The President stood with Otto Lehrman before the high-resolution data screens mounted on the wood paneling covering the concrete walls. The screens were on and showed maps of different portions of the Northern Hemisphere, Mercator projection, with red spots marking vanished cities. “Come on in, Irwin,” Crockerman said. “We have some new material from the Puzzle Palace.” He seemed almost cheerful.

Irwin turned to the First Lady. “Are you here to stay?” he asked bluntly. He respected the woman, but did not like her much.

“The President specially requested my presence,” she said. “He feels we should be united.”
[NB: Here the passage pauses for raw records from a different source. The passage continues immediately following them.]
From Pilot Require Import Defs.
From HB Require Import structures.
From mathcomp Require Import all_boot all_order all_algebra zify.
Set Implicit Arguments. Unset Strict Implicit. Unset Printing Implicit Defensive.
Import Order.TTheory GRing.Theory Num.Theory.
Local Open Scope ring_scope.

(* Whether a positive root e_i +- e_j (i < j) is an inversion of a signed
   permutation w is decided by whichever of w(i), w(j) has the smaller absolute
   value: that entry must be negative (for w(j), with its sign flipped on e_i - e_j).
   For w in W^{OG(k,2n)}, written y | z | v (positive and increasing, negative and
   decreasing in absolute value, positive and increasing up to the sign of the last
   entry), this test becomes monotone: no inversion has both indices beyond k, the
   inverted top roots are the e_a + e_b with |w(b)| < |w(a)|, and the root order is
   controlled by linear functionals that are nonnegative on simple roots (prefix
   sums and the functional (1,...,1,-1)), which gives both ideal conditions. For
   the count, each of the n - k columns e_a +- e_c, e_b +- e_c (c > k) of the two
   diamonds holds at least two inversions when e_a + e_b is one, at most two
   otherwise. *)

Definition signed_pair n (P Q : nat) (al be : int) : vec n :=
  [ffun p : 'I_n => (if p == P :> nat then al else 0) + (if p == Q :> nat then be else 0)].

Definition sign (s : bool) : int := if s then 1 else -1.

Section SignedPair.
Variable n : nat.
Implicit Types (P Q a b : 'I_n) (al be ga de : int).

Lemma rootvec_signed_pair (r : Defs.root n) :
  rootvec r = signed_pair n r.1.1 r.1.2 1 (sign r.2).
Proof.
apply/ffunP => p; rewrite /rootvec /sign !ffunE.
by case: r.2; rewrite !ffunE /=; do 2 case: eqP => _.
Qed.

Lemma signed_pairN P Q al be :
  - signed_pair n P Q al be = signed_pair n P Q (- al) (- be).
Proof. by apply/ffunP => p; rewrite !ffunE opprD; do 2 case: eqP; rewrite ?oppr0. Qed.

Lemma signed_pairC P Q al be : signed_pair n P Q al be = signed_pair n Q P be al.
Proof. by apply/ffunP => p; rewrite !ffunE addrC. Qed.

Lemma signed_pair_fst P Q al be : P != Q -> signed_pair n P Q al be P = al.
Proof. by move=> nePQ; rewrite ffunE eqxx ifF ?addr0 //; apply/negbTE. Qed.

Lemma signed_pair_supp P Q al be (p : 'I_n) :
  signed_pair n P Q al be p != 0 -> p = P \/ p = Q.
Proof.
rewrite ffunE; have [->|/negbTE nepP] := eqVneq p P; first by left.
have [->|/negbTE nepQ] := eqVneq p Q; first by right.
by rewrite [p == P :> nat]nepP [p == Q :> nat]nepQ addr0 eqxx.
Qed.

Lemma signed_pair_lead P Q a b al be ga de :
  (a < b)%N -> (P < Q)%N -> al != 0 -> ga != 0 ->
  signed_pair n a b al be = signed_pair n P Q ga de -> a = P /\ al = ga.
Proof.
move=> ltab ltPQ al0 ga0 E.
have neab : a != b by rewrite neq_ltn ltab.
have nePQ : P != Q by rewrite neq_ltn ltPQ.
have Ea := signed_pair_fst al be neab; have EP := signed_pair_fst ga de nePQ.
have [aP|aQ] : a = P \/ a = Q by apply: (@signed_pair_supp P Q ga de); rewrite -E Ea.
  by split=> //; rewrite -Ea E aP EP.
have [Pa|Pb] : P = a \/ P = b by apply: (@signed_pair_supp a b al be); rewrite E EP.
  by move: ltPQ; rewrite -aQ Pa ltnn.
by move: ltab ltPQ; rewrite -aQ -Pb => /ltn_trans H /H; rewrite ltnn.
Qed.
“Obviously, you agree with him.”

“I agree with him,” she said.

Never in United States history had a First Lady deserted her husband when he was under fire; Mrs. Crockerman knew this, and it must have taken some courage to return. Still, Schwartz had himself given long hours of thought to resigning from the administration; he could not judge her too harshly.

He held out his hand. She accepted and they shook firmly. “Welcome back aboard,” he said.

“We have photos about twenty minutes old from a Diamond Apple,” Lehrman said. “Technicians are putting them on the screens any minute.” Diamond Apples were reconnaissance satellites launched in the early 1990s. The National Reconnaissance Office was very zealous with Diamond Apple pictures. Usually, they would have been reserved for the eyes of the President and Secretary of Defense only; that Schwartz was seeing them indicated something extraordinary was in store.